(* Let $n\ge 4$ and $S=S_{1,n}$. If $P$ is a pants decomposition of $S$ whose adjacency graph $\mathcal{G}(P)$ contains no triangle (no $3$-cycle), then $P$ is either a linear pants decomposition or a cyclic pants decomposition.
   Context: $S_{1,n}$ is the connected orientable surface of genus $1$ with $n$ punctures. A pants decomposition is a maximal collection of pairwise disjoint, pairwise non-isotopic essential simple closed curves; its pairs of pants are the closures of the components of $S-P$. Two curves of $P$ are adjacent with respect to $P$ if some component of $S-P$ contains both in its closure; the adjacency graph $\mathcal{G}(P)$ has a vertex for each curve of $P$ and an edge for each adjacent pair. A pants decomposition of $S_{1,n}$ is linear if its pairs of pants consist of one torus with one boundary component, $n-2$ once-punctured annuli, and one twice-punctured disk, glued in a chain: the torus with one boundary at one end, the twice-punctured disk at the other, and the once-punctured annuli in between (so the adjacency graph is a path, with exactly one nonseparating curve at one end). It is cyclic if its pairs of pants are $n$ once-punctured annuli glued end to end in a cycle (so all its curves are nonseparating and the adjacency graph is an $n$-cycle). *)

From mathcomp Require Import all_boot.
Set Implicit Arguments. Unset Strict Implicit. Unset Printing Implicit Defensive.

- - - -

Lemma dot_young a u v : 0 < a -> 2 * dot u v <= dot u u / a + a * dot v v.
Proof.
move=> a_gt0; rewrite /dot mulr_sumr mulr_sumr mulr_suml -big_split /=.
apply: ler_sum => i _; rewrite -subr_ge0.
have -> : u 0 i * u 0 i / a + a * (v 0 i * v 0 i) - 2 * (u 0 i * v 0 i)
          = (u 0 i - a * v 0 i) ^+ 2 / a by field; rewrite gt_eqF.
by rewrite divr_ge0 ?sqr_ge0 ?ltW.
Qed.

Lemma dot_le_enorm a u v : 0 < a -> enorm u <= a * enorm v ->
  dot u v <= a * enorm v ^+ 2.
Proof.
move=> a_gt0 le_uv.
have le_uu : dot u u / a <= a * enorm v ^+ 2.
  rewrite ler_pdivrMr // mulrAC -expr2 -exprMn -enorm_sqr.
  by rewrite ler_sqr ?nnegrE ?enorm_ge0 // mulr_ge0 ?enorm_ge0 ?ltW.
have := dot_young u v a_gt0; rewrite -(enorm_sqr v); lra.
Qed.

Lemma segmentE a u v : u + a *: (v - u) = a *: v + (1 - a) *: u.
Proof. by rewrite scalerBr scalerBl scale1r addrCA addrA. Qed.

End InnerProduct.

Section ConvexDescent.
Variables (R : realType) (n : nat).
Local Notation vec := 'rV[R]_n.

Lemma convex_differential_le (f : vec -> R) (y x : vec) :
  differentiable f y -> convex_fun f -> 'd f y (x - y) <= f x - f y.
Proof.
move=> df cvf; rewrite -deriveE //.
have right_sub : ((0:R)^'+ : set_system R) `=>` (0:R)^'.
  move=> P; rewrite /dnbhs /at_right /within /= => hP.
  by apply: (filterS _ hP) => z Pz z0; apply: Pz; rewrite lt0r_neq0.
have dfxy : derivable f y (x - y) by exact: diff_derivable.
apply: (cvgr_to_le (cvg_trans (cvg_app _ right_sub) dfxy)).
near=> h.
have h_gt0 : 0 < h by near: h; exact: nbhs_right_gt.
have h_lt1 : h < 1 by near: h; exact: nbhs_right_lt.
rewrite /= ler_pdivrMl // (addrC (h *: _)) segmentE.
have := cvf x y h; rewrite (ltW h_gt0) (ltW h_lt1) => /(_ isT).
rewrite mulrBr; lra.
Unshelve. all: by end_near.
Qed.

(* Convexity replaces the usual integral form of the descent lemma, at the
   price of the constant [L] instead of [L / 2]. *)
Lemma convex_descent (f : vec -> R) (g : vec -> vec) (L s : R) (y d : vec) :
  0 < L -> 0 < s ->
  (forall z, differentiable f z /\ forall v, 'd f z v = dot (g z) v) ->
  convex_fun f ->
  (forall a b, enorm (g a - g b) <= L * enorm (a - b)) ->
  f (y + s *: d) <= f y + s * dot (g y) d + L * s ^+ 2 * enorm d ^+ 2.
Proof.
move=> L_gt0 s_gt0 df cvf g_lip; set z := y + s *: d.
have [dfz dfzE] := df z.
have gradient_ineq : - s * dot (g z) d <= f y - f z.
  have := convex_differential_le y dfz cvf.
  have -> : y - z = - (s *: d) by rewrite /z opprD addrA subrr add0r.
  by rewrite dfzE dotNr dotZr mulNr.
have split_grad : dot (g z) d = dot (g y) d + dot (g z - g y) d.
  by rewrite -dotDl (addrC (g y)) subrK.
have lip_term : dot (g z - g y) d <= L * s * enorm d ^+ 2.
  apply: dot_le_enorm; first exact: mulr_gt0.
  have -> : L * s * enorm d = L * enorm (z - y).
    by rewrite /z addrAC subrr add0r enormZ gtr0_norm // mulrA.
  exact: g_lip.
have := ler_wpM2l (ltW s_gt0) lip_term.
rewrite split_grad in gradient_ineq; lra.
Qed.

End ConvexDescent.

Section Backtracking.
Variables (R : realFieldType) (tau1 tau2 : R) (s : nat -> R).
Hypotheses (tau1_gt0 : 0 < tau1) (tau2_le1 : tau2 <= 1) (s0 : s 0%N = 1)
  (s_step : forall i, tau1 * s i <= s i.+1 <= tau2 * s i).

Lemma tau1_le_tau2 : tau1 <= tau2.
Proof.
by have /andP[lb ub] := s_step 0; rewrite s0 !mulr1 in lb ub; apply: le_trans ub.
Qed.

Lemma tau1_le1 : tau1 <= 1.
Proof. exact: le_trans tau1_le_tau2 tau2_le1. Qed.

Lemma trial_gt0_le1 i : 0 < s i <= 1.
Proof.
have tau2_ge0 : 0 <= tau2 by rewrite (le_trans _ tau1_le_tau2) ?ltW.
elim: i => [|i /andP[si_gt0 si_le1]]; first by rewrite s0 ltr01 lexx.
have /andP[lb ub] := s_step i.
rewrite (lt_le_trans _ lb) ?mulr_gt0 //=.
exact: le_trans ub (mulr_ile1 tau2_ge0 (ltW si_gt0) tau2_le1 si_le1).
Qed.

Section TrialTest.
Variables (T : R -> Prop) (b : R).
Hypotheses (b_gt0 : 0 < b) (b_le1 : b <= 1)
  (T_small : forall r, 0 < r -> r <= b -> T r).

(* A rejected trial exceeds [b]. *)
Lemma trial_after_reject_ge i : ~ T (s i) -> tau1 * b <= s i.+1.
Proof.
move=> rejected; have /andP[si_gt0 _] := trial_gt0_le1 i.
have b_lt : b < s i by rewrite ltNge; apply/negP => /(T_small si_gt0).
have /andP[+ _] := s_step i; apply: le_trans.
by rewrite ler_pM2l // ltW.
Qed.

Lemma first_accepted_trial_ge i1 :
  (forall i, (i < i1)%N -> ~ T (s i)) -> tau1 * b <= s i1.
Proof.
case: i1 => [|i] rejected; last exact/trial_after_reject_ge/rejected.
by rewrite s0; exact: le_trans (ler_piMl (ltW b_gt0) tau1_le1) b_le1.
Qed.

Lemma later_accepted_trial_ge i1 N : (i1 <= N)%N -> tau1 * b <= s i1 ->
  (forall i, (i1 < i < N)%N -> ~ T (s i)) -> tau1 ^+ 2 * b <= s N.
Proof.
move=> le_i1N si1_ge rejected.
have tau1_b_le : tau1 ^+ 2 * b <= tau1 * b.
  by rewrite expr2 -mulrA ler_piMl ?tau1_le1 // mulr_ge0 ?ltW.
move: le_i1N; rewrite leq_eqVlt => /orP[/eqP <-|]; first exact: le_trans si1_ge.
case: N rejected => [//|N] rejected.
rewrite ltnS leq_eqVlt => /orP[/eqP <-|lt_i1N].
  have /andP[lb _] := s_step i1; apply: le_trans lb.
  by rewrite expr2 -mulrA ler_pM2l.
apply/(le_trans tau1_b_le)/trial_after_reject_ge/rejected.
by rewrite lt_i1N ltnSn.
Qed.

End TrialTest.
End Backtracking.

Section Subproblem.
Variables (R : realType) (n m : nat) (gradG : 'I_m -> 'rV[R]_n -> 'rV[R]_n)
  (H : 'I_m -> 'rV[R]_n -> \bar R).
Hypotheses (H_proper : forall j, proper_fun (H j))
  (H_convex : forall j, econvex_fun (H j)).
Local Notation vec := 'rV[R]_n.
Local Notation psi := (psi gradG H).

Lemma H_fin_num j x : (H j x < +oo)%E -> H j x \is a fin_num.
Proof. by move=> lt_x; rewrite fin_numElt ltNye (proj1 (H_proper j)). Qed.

- - - -

(WORK TO COMPLETE) Of the lines above, output exactly those from the line bearing "elim: i => [|i" through the line bearing "Proof. by move=>", inclusive.

(YOUR RESPONSE)
elim: i => [|i /andP[si_gt0 si_le1]]; first by rewrite s0 ltr01 lexx.
have /andP[lb ub] := s_step i.
rewrite (lt_le_trans _ lb) ?mulr_gt0 //=.
exact: le_trans ub (mulr_ile1 tau2_ge0 (ltW si_gt0) tau2_le1 si_le1).
Qed.

Section TrialTest.
Variables (T : R -> Prop) (b : R).
Hypotheses (b_gt0 : 0 < b) (b_le1 : b <= 1)
  (T_small : forall r, 0 < r -> r <= b -> T r).

(* A rejected trial exceeds [b]. *)
Lemma trial_after_reject_ge i : ~ T (s i) -> tau1 * b <= s i.+1.
Proof.
move=> rejected; have /andP[si_gt0 _] := trial_gt0_le1 i.
have b_lt : b < s i by rewrite ltNge; apply/negP => /(T_small si_gt0).
have /andP[+ _] := s_step i; apply: le_trans.
by rewrite ler_pM2l // ltW.
Qed.

Lemma first_accepted_trial_ge i1 :
  (forall i, (i < i1)%N -> ~ T (s i)) -> tau1 * b <= s i1.
Proof.
case: i1 => [|i] rejected; last exact/trial_after_reject_ge/rejected.
by rewrite s0; exact: le_trans (ler_piMl (ltW b_gt0) tau1_le1) b_le1.
Qed.

Lemma later_accepted_trial_ge i1 N : (i1 <= N)%N -> tau1 * b <= s i1 ->
  (forall i, (i1 < i < N)%N -> ~ T (s i)) -> tau1 ^+ 2 * b <= s N.
Proof.
move=> le_i1N si1_ge rejected.
have tau1_b_le : tau1 ^+ 2 * b <= tau1 * b.
  by rewrite expr2 -mulrA ler_piMl ?tau1_le1 // mulr_ge0 ?ltW.
move: le_i1N; rewrite leq_eqVlt => /orP[/eqP <-|]; first exact: le_trans si1_ge.
case: N rejected => [//|N] rejected.
rewrite ltnS leq_eqVlt => /orP[/eqP <-|lt_i1N].
  have /andP[lb _] := s_step i1; apply: le_trans lb.
  by rewrite expr2 -mulrA ler_pM2l.
apply/(le_trans tau1_b_le)/trial_after_reject_ge/rejected.
by rewrite lt_i1N ltnSn.
Qed.

End TrialTest.
End Backtracking.

Section Subproblem.
Variables (R : realType) (n m : nat) (gradG : 'I_m -> 'rV[R]_n -> 'rV[R]_n)
  (H : 'I_m -> 'rV[R]_n -> \bar R).
Hypotheses (H_proper : forall j, proper_fun (H j))
  (H_convex : forall j, econvex_fun (H j)).
Local Notation vec := 'rV[R]_n.
Local Notation psi := (psi gradG H).

Lemma H_fin_num j x : (H j x < +oo)%E -> H j x \is a fin_num.
Proof. by move=> lt_x; rewrite fin_numElt ltNye (proj1 (H_proper j)). Qed.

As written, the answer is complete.